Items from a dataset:
From HB Require Import structures.
From mathcomp Require Import all_boot all_order all_algebra all_field.
From mathcomp Require Import zify ring.
Set Implicit Arguments.
Unset Strict Implicit.
Unset Printing Implicit Defensive.

Import GRing.Theory Num.Theory.
Local Open Scope ring_scope.

(* Write N x = x ^+ q.+1 and chi for the canonical character.  For y in F_q
   and c in F_r, Tr (c y) = Tr_{r/p} (2 c Tr_{q/r} y), so the sum of chi (c y)
   over c in F_r is r or 0 according as Tr_{q/r} y vanishes.  Hence
   r P = sum_{c in F_r} sum_x chi (a x) chi (c N x).  The term c = 0 vanishes;
   for c != 0 the shift x |-> x + a^q / (2c) completes the square and turns the
   inner sum into chi (- N a / (4c)) times sum_x chi (c N x) = - q.  Finally the
   sum of chi (- N a / (4c)) over c in F_r^* is r [Tr_{q/r} (N a) = 0] - 1. *)

Lemma expr_fixed_expn (R : ringType) (x : R) m i : x ^+ m = x -> x ^+ (m ^ i) = x.
Proof.
move=> xm; elim: i => [|i IHi]; first by rewrite expn0 expr1.
by rewrite expnSr exprM IHi xm.
Qed.

Section FrobeniusPowers.
Variables (F : fieldType) (p : nat).
Hypothesis pcharFp : p \in [pchar F].

Lemma pchar_nat : [pchar F].-nat p.
Proof. by rewrite (eq_pnat _ (pcharf_eq pcharFp)) pnat_id ?(pcharf_prime pcharFp). Qed.

Lemma pchar_natX k : [pchar F].-nat (p ^ k)%N.
Proof. by rewrite pnatX pchar_nat. Qed.

Lemma expr_sum_pchar e (I : Type) (rs : seq I) (P : pred I) (f : I -> F) :
  [pchar F].-nat e -> (\sum_(i <- rs | P i) f i) ^+ e = \sum_(i <- rs | P i) f i ^+ e.
Proof.
move=> e_pchar; have /andP[e_gt0 _] := e_pchar.
apply: (big_morph (fun x : F => x ^+ e)) => [x y|]; first exact: exprDn_pchar.
by rewrite expr0n gtn_eqF.
Qed.

Lemma natr_fixed k j : (k%:R : F) ^+ (p ^ j) = k%:R.
Proof. by apply: expr_fixed_expn; rewrite -(pFrobenius_autE pcharFp) pFrobenius_aut_nat. Qed.

Lemma natr_inj_pchar (k k' : nat) :
  (k < p)%N -> (k' < p)%N -> (k%:R : F) = k'%:R -> k = k'.
Proof.
wlog le_kk' : k k' / (k <= k')%N.
  move=> W kp k'p eqk; case: (leqP k k') => [|/ltnW] le; first exact: W.
  by symmetry; apply: W.
move=> _ k'p eqk; apply/eqP; rewrite eqn_leq le_kk' -subn_eq0 /=.
have : (p %| k' - k)%N by rewrite (dvdn_pcharf pcharFp) natrB // eqk subrr.
by rewrite /dvdn modn_small // (leq_ltn_trans (leq_subr _ _)).
Qed.

Lemma frobenius_fixed_nat (z : F) : z ^+ p = z -> exists k : 'I_p, k%:R = z.
Proof.
move=> zp; case: (pickP [pred k : 'I_p | k%:R == z]) => [k /eqP | not_nat]; first by exists k.
have p_gt1 : (1 < p)%N by rewrite prime_gt1 ?(pcharf_prime pcharFp).
have size_Xp : size ('X^p - 'X : {poly F}) = p.+1.
  by rewrite size_polyDl ?size_polyXn // size_polyN size_polyX.
have Xp_neq0 : 'X^p - 'X != 0 :> {poly F} by rewrite -size_poly_eq0 size_Xp.
pose rs := z :: [seq ((val k)%:R : F) | k : 'I_p].
have rs_roots : all (root ('X^p - 'X)) rs.
  rewrite /= /root !hornerE zp subrr eqxx; apply/allP => _ /mapP[k _ ->].
  by rewrite !hornerE -(pFrobenius_autE pcharFp) pFrobenius_aut_nat subrr.
have rs_uniq : uniq rs.
  rewrite /= map_inj_uniq ?enum_uniq ?andbT; last first.
    by move=> k k' /natr_inj_pchar eqk; apply/val_inj/eqk.
  by apply/mapP => -[k _ kz]; have := not_nat k; rewrite /= -kz eqxx.
have := max_poly_roots Xp_neq0 rs_roots rs_uniq.
by rewrite /= size_map size_enum_ord size_Xp ltnn.
Qed.

End FrobeniusPowers.

Section RelativeTrace.
Variable F : fieldType.
Implicit Types x y c : F.

Lemma relTr1 m y : relTr m 1 y = y.
Proof. by rewrite /relTr big_ord1 expn0 expr1. Qed.

Lemma relTr_addn m k l y :
  relTr m (k + l) y = relTr m k y + relTr m l (y ^+ (m ^ k)).
Proof.
rewrite /relTr big_split_ord; congr (_ + _).
by apply: eq_bigr => i _; rewrite -exprM -expnD.
Qed.

Variable m : nat.

Lemma relTrZ k c y : c ^+ m = c -> relTr m k (c * y) = c * relTr m k y.
Proof.
move=> cm; rewrite /relTr mulr_sumr; apply: eq_bigr => i _.
by rewrite exprMn expr_fixed_expn.
Qed.

Section FixedPoint.
Variables (k : nat) (y : F).
Hypothesis y_fixed : y ^+ (m ^ k) = y.

Lemma relTr_expr_fixed : relTr m k (y ^+ m) = relTr m k y.
Proof.
apply: (@addrI _ y); rewrite -{1}[y](relTr1 m) -relTr_addn addnC relTr_addn y_fixed.
by rewrite relTr1 addrC.
Qed.

Lemma relTr_mulnl j : relTr m (j * k) y = relTr m k y *+ j.
Proof.
elim: j => [|j IHj]; first by rewrite mul0n /relTr big_ord0.
by rewrite mulSn relTr_addn y_fixed IHj mulrS.
Qed.

End FixedPoint.

Hypothesis m_pchar : [pchar F].-nat m.

Lemma relTrD k : {morph @relTr F m k : x y / x + y}.
Proof.
move=> x y; rewrite /relTr -big_split; apply: eq_bigr => i _.
by apply: exprDn_pchar; rewrite pnatX m_pchar.
Qed.

Lemma relTr0 k : relTr m k (0 : F) = 0.
Proof. by apply: (@addrI _ (relTr m k 0)); rewrite -relTrD !addr0. Qed.

Lemma relTr_tower a b x : relTr m (a * b) x = relTr m a (relTr (m ^ a) b x).
Proof.
elim: b => [|b IHb]; first by rewrite muln0 /relTr !big_ord0 -/(relTr m a 0) relTr0.
by rewrite mulnSr relTr_addn IHb -addn1 (relTr_addn (m ^ a)) relTr1 relTrD -expnM.
Qed.

Lemma relTr_expr k y : relTr m k y ^+ m = relTr m k (y ^+ m).
Proof.
rewrite /relTr expr_sum_pchar //; apply: eq_bigr => i _.
by rewrite -!exprM mulnC.
Qed.

Lemma relTr_fixed k y : y ^+ (m ^ k) = y -> relTr m k y ^+ m = relTr m k y.
Proof. by move=> y_fixed; rewrite relTr_expr relTr_expr_fixed. Qed.

End RelativeTrace.

Section FiniteFieldCounting.
Variable F : finFieldType.
Implicit Types x y z c : F.

Lemma card_roots_lt [P : {poly F}] : P != 0 -> (#|[pred x | root P x]| < size P)%N.
Proof.
move=> P_neq0; rewrite cardE; apply: max_poly_roots => //; last exact: enum_uniq.
by apply/allP => x; rewrite mem_enum.
Qed.

Lemma relTr_neq0 m k : (1 < m)%N -> (0 < k)%N -> (m ^ k.-1 < #|F|)%N ->
  exists x : F, relTr m k x != 0.
Proof.
move=> m_gt1 k_gt0 mk_lt; apply/existsP; apply: contraLR mk_lt.
rewrite negb_exists -leqNgt => /forallP /= trF0.
pose Q : {poly F} := \sum_(i < k) 'X^(m ^ i).
have Q_horner x : Q.[x] = relTr m k x.
  by rewrite horner_sum; apply: eq_bigr => i _; rewrite hornerXn.
have top : (k.-1 < k)%N by rewrite prednK.
have Q_neq0 : Q != 0.
  apply/eqP => /(congr1 (fun P : {poly F} => P`_(m ^ k.-1))).
  rewrite coef0 coef_sum (bigD1 (Ordinal top)) //= coefXn eqxx big1 ?addr0.
    by move/eqP; rewrite oner_eq0.
  move=> i /= ne_i; rewrite coefXn eqn_exp2l // -val_eqE /= eq_sym in ne_i *.
  by rewrite (negbTE ne_i).
have size_Q : (size Q <= (m ^ k.-1).+1)%N.
  apply: leq_trans (size_sum _ _ _) _; apply/bigmax_leqP => i _.
  by rewrite size_polyXn ltnS leq_exp2l // -ltnS prednK.
rewrite -ltnS; apply: leq_trans size_Q; apply: leq_ltn_trans (card_roots_lt Q_neq0).
apply: subset_leq_card; apply/subsetP => x _.
by rewrite inE /root Q_horner (negPn (trF0 x)).
Qed.

Lemma unity_root_neq0 e z : (0 < e)%N -> z ^+ e == 1 -> z != 0.
Proof.
move=> e_gt0; apply: contraTneq => ->.
by rewrite -(prednK e_gt0) exprS mul0r eq_sym oner_eq0.
Qed.

Lemma expr_card_pred x : x != 0 -> x ^+ #|F|.-1 = 1.
Proof.
move=> x_neq0; apply: (mulfI x_neq0).
by rewrite -exprS prednK ?expf_card ?mulr1 // (ltnW (finNzRing_gt1 F)).
Qed.

Lemma card_expr_fiber_le d z : (0 < d)%N -> (#|[pred x | x ^+ d == z]| <= d)%N.
Proof.
move=> d_gt0; have := @card_roots_lt ('X^d - z%:P).
rewrite size_XnsubC // -size_poly_eq0 size_XnsubC // ltnS => /(_ isT).
apply: leq_trans; apply: subset_leq_card; apply/subsetP => x.
by rewrite !inE /root !hornerE subr_eq0.
Qed.

Section PowerMap.
Variables e d : nat.
Hypothesis ed : (e * d)%N = #|F|.-1.

Let d_gt0 : (0 < d)%N.
Proof. by move: (finNzRing_gt1 F); rewrite -ltn_predRL -ed muln_gt0 => /andP[]. Qed.

Let e_gt0 : (0 < e)%N.
Proof. by move: (finNzRing_gt1 F); rewrite -ltn_predRL -ed muln_gt0 => /andP[]. Qed.

Lemma sum_card_expr_fiber :
  (\sum_(z : F | z ^+ e == 1%R) #|[pred x | x ^+ d == z]|)%N = #|F|.-1.
Proof.
rewrite -(cardC1 (0 : F)) -sum1_card.
rewrite [RHS](partition_big (fun x => x ^+ d) (fun z => z ^+ e == 1)).
  apply: eq_bigr => z ze1; rewrite -sum1_card; apply: eq_bigl => x /=.
  rewrite !inE; apply/esym/andb_idl => /eqP xdz.
  by move: (unity_root_neq0 e_gt0 ze1); rewrite -xdz expf_eq0 d_gt0.
by move=> x /= x_neq0; rewrite -exprM mulnC ed expr_card_pred.
Qed.

Lemma card_unity_roots_expr_fiber :
  #|[pred z : F | z ^+ e == 1]| = e /\
  forall z : F, z ^+ e == 1 -> #|[pred x | x ^+ d == z]| = d.
Proof.
have card_le : (#|[pred z : F | z ^+ e == 1%R]| <= e)%N.
  rewrite cardE; apply: max_unity_roots => //; last exact: enum_uniq.
  by apply/allP => z; rewrite mem_enum unity_rootE.
have card_eq : #|[pred z : F | z ^+ e == 1]| = e.
  apply/eqP; rewrite eqn_leq card_le -(leq_pmul2r d_gt0) ed -{1}sum_card_expr_fiber.
  by rewrite -sum_nat_const leq_sum // => z _; exact: card_expr_fiber_le.
split=> // z ze1; apply/eqP; rewrite eqn_leq card_expr_fiber_le //=.
have : (\sum_(y : F | y ^+ e == 1%R) (d - #|[pred x | x ^+ d == y]|) == 0)%N.
  rewrite sumnB => [|y _]; last exact: card_expr_fiber_le.
  by rewrite sum_card_expr_fiber sum_nat_const card_eq ed subnn.
by rewrite sum_nat_eq0 => /forallP /(_ z) /implyP /(_ ze1); rewrite subn_eq0.
Qed.

End PowerMap.

Lemma expr_fixed_neq0 m c : (1 < m)%N ->
  (c ^+ m == c) && (c != 0) = (c ^+ m.-1 == 1).
Proof.
move=> m_gt1; have [->|c_neq0] := eqVneq c 0.
  by case: m m_gt1 => [|[|m]] // _; rewrite andbF exprS mul0r eq_sym oner_eq0.
rewrite andbT -{1}(prednK (ltnW m_gt1)) exprSr -{3}[c]mul1r.
by rewrite (inj_eq (mulIf c_neq0)).
Qed.

Lemma card_expr_fixed m : (1 < m)%N -> (m.-1 %| #|F|.-1)%N ->
  #|[pred c : F | c ^+ m == c]| = m.
Proof.
move=> m_gt1 dvd_m; have m_gt0 := ltnW m_gt1.
have ed : (m.-1 * (#|F|.-1 %/ m.-1))%N = #|F|.-1 by rewrite mulnC divnK.
have [card_roots _] := card_unity_roots_expr_fiber ed.
rewrite (cardD1 0) inE expr0n gtn_eqF ?eqxx //= -{2}(prednK m_gt0) -card_roots add1n.
by congr _.+1; apply: eq_card => c; rewrite !inE andbC expr_fixed_neq0.
Qed.

End FiniteFieldCounting.

Section AdditiveCharacter.
Variables (F : finFieldType) (p n : nat) (zeta : algC).
Hypotheses (pcharFp : p \in [pchar F]) (cardF : #|F| = (p ^ n)%N) (n_gt0 : (0 < n)%N).
Hypothesis zeta_prim : p.-primitive_root zeta.
Implicit Types x y b c : F.

(* [addChar] is stated with [absTr p n], which unfolds to [relTr p n]. *)
Local Notation tr := (relTr p n).
Local Notation chi := (addChar p n zeta).

Let p_prime : prime p := pcharf_prime pcharFp.
Let p_gt0 : (0 < p)%N := prime_gt0 p_prime.

Lemma relTr_expr_char x : tr (x ^+ p) = tr x.
Proof. by apply: relTr_expr_fixed; rewrite -cardF expf_card. Qed.

Lemma relTr_exprXn_char j x : tr (x ^+ (p ^ j)) = tr x.
Proof.
elim: j => [|j IHj]; first by rewrite expn0 expr1.
by rewrite expnSr exprM relTr_expr_char IHj.
Qed.

Lemma relTr_char_nat x : exists k : 'I_p, k%:R = tr x.
Proof.
apply: (frobenius_fixed_nat pcharFp); apply: (relTr_fixed (pchar_nat pcharFp)).
by rewrite -cardF expf_card.
Qed.

Lemma addCharE x k : k%:R = tr x -> chi x = zeta ^+ k.
Proof.
move=> kx; rewrite /addChar; case: pickP => [k' /eqP k'x | no_k] /=.
  rewrite -(prim_expr_mod zeta_prim k); congr (_ ^+ _).
  apply: (natr_inj_pchar pcharFp) => //; first by rewrite ltn_pmod.
  by rewrite (GRing.natr_mod_pchar pcharFp) kx k'x.
have := no_k (Ordinal (ltn_pmod k p_gt0)).
by rewrite /= (GRing.natr_mod_pchar pcharFp) kx eqxx.
Qed.

Lemma addChar_tr0 x : tr x = 0 -> chi x = 1.
Proof. by move=> tr_x0; rewrite (@addCharE x 0) ?expr0 ?tr_x0. Qed.

Lemma addChar0 : chi (0 : F) = 1.
Proof. by rewrite addChar_tr0 ?relTr0 ?(pchar_nat pcharFp). Qed.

Your assignment: Search the data above for the string "mapP" and return every line that has it.

Written response:
  rewrite /= /root !hornerE zp subrr eqxx; apply/allP => _ /mapP[k _ ->].
  by apply/mapP => -[k _ kz]; have := not_nat k; rewrite /= -kz eqxx.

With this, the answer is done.